PROMPT
The expected output is exactly the lines below, starting at the line with "C-seminorm at most (1 +" and ending at the line with "centred vectors of", both included; no other line belongs in it.

------ SUPPLIED DATA

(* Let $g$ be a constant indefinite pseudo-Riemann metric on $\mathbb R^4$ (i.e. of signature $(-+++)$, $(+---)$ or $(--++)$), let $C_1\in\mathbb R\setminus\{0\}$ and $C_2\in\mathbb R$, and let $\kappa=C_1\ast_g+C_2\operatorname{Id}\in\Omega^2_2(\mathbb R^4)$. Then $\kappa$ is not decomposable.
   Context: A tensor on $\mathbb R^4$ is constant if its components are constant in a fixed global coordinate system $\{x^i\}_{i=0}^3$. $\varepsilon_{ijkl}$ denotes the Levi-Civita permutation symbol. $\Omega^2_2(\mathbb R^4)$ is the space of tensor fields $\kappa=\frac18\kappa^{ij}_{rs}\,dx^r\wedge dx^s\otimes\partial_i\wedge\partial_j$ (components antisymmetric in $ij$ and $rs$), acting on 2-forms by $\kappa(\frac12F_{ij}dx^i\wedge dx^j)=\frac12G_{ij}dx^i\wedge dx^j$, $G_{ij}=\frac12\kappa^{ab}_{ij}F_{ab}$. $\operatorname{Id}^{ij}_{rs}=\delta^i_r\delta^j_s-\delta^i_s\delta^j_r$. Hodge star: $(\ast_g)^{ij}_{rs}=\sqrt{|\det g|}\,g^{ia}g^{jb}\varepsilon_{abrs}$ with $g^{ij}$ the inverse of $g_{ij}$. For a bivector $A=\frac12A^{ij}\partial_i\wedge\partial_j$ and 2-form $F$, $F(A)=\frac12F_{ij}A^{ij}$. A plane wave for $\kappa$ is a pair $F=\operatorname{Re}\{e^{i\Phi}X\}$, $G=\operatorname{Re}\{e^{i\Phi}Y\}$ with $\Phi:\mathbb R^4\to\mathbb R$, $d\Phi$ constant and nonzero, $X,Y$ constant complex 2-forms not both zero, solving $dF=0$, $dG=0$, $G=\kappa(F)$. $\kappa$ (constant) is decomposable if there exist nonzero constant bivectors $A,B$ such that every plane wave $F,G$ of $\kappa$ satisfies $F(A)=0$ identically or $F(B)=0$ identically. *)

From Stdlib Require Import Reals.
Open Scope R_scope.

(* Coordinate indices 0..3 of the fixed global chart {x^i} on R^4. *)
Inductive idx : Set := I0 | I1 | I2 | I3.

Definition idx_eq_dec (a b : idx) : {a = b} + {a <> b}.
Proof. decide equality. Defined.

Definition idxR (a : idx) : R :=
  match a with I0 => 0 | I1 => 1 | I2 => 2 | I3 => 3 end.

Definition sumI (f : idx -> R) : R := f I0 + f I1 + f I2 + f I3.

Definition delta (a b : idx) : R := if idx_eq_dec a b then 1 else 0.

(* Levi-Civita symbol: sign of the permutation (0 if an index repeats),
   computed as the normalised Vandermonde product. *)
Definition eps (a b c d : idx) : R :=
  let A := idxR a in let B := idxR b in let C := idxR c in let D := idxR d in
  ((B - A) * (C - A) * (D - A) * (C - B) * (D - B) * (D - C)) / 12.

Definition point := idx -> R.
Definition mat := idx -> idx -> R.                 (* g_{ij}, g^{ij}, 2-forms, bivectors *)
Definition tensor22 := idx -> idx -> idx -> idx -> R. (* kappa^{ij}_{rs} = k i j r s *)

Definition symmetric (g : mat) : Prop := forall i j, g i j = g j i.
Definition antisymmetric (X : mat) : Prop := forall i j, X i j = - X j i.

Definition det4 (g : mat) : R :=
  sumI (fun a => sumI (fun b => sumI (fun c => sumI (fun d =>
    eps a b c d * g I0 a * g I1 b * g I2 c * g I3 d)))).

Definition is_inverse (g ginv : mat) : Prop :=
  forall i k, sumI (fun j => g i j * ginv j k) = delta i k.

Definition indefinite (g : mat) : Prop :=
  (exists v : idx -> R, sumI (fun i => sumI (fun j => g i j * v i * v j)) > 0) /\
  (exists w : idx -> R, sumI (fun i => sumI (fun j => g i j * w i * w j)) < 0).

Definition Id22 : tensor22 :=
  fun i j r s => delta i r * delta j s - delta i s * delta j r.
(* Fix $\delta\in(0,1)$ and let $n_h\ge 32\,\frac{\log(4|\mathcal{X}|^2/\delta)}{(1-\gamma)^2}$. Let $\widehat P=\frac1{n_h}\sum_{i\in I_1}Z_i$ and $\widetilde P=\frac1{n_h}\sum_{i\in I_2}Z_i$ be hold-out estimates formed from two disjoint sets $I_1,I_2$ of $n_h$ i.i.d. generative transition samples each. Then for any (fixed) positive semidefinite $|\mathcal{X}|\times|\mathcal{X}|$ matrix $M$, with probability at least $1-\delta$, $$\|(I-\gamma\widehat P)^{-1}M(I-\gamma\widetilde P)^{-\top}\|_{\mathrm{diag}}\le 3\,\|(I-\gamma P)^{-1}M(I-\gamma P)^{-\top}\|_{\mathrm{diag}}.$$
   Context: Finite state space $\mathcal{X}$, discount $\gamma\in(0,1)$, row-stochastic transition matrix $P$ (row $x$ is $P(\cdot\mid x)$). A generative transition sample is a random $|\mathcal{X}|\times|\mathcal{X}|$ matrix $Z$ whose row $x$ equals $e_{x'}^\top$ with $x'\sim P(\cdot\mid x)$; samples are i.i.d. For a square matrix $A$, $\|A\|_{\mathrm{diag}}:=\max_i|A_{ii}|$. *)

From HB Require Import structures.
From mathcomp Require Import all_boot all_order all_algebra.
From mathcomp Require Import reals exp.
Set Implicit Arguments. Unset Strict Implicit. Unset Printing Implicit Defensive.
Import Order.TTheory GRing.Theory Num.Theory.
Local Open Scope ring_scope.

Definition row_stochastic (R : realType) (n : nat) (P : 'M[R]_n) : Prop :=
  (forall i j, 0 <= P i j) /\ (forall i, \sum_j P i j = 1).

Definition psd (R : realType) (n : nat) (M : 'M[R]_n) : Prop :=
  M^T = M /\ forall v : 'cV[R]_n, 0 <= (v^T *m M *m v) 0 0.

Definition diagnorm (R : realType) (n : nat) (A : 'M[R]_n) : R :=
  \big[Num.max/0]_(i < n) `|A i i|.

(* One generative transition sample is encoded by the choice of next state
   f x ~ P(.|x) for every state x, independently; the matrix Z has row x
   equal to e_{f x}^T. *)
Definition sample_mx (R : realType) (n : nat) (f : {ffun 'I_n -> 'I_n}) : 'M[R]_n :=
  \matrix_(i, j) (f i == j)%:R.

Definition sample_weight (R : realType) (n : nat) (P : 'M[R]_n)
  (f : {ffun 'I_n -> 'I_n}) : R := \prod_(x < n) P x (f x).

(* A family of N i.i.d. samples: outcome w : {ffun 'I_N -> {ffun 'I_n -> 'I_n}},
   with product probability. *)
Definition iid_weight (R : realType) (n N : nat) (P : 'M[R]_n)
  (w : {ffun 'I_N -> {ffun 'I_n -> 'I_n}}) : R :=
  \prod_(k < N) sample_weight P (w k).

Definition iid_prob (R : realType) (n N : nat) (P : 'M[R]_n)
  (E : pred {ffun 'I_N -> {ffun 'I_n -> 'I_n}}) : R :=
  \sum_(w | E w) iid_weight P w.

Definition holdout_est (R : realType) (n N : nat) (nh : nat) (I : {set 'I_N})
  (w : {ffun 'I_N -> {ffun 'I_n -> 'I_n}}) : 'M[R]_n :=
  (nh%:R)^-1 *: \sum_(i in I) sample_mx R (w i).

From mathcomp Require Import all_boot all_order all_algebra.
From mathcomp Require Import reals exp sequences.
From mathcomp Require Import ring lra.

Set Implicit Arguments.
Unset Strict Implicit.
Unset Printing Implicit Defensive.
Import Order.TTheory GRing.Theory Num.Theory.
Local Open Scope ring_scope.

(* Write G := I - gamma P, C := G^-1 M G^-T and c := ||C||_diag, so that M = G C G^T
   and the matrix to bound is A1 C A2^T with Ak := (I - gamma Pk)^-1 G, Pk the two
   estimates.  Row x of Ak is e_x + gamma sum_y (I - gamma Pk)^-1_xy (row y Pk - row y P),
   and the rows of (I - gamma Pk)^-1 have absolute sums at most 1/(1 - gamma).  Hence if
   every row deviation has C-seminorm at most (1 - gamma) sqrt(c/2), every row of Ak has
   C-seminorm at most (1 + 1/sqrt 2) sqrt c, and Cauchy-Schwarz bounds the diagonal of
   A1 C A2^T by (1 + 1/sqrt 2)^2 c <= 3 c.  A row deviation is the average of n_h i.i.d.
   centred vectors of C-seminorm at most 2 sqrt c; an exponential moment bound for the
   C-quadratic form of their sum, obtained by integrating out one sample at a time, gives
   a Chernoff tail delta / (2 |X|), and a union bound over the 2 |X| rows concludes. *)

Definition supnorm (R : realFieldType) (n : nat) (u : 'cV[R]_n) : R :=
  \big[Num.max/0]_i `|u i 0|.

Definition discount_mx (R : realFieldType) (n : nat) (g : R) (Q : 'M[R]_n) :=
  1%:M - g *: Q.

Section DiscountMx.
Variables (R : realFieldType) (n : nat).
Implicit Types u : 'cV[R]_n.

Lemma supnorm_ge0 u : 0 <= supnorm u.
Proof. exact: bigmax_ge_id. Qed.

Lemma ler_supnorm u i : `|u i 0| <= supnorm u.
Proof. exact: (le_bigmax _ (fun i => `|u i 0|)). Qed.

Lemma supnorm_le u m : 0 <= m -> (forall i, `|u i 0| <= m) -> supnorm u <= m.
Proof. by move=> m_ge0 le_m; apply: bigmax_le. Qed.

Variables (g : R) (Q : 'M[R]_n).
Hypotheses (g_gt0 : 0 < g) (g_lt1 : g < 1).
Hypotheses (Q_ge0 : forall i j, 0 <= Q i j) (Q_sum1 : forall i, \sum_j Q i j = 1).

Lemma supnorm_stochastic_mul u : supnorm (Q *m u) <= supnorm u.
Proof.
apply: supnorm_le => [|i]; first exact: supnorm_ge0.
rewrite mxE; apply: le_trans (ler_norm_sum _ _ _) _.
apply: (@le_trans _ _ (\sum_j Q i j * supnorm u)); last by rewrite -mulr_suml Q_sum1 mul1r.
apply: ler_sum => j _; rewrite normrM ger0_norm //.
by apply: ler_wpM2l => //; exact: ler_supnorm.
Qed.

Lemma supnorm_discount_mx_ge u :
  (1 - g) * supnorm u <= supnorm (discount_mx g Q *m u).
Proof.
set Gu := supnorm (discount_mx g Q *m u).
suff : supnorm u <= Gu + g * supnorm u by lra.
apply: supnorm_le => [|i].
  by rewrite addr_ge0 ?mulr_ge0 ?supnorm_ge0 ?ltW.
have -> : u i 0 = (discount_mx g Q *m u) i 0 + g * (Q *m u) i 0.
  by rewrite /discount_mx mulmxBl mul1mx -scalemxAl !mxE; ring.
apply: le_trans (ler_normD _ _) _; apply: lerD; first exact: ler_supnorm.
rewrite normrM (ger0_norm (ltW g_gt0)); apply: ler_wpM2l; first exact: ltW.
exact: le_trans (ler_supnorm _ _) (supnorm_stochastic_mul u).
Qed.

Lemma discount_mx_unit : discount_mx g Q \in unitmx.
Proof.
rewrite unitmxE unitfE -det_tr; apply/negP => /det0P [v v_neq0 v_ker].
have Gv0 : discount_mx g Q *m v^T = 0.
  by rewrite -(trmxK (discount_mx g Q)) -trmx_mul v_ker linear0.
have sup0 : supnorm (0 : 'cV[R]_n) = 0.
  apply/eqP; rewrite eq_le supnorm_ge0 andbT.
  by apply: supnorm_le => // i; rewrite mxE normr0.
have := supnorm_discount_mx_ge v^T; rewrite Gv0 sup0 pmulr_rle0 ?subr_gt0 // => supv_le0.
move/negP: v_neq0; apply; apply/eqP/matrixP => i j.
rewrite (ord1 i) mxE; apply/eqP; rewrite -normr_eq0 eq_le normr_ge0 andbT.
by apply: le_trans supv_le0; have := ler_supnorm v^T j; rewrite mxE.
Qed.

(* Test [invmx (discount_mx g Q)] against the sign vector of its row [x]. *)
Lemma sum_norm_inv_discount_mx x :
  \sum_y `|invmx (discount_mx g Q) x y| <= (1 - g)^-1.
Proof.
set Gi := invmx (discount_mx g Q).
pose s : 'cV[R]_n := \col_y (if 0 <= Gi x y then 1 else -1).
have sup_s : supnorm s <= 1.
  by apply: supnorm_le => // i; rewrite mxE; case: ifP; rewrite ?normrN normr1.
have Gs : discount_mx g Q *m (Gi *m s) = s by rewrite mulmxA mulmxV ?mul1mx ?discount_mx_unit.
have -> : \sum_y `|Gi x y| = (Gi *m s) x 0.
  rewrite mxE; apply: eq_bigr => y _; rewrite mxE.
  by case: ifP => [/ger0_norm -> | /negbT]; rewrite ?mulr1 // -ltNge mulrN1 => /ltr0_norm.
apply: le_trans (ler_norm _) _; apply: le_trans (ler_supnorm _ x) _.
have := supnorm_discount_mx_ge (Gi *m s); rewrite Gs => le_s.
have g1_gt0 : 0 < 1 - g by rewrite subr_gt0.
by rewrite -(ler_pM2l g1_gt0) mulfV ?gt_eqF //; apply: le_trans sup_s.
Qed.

------------

SOLUTION TO THIS EXERCISE
   C-seminorm at most (1 + 1/sqrt 2) sqrt c, and Cauchy-Schwarz bounds the diagonal of
   A1 C A2^T by (1 + 1/sqrt 2)^2 c <= 3 c.  A row deviation is the average of n_h i.i.d.
   centred vectors of C-seminorm at most 2 sqrt c; an exponential moment bound for the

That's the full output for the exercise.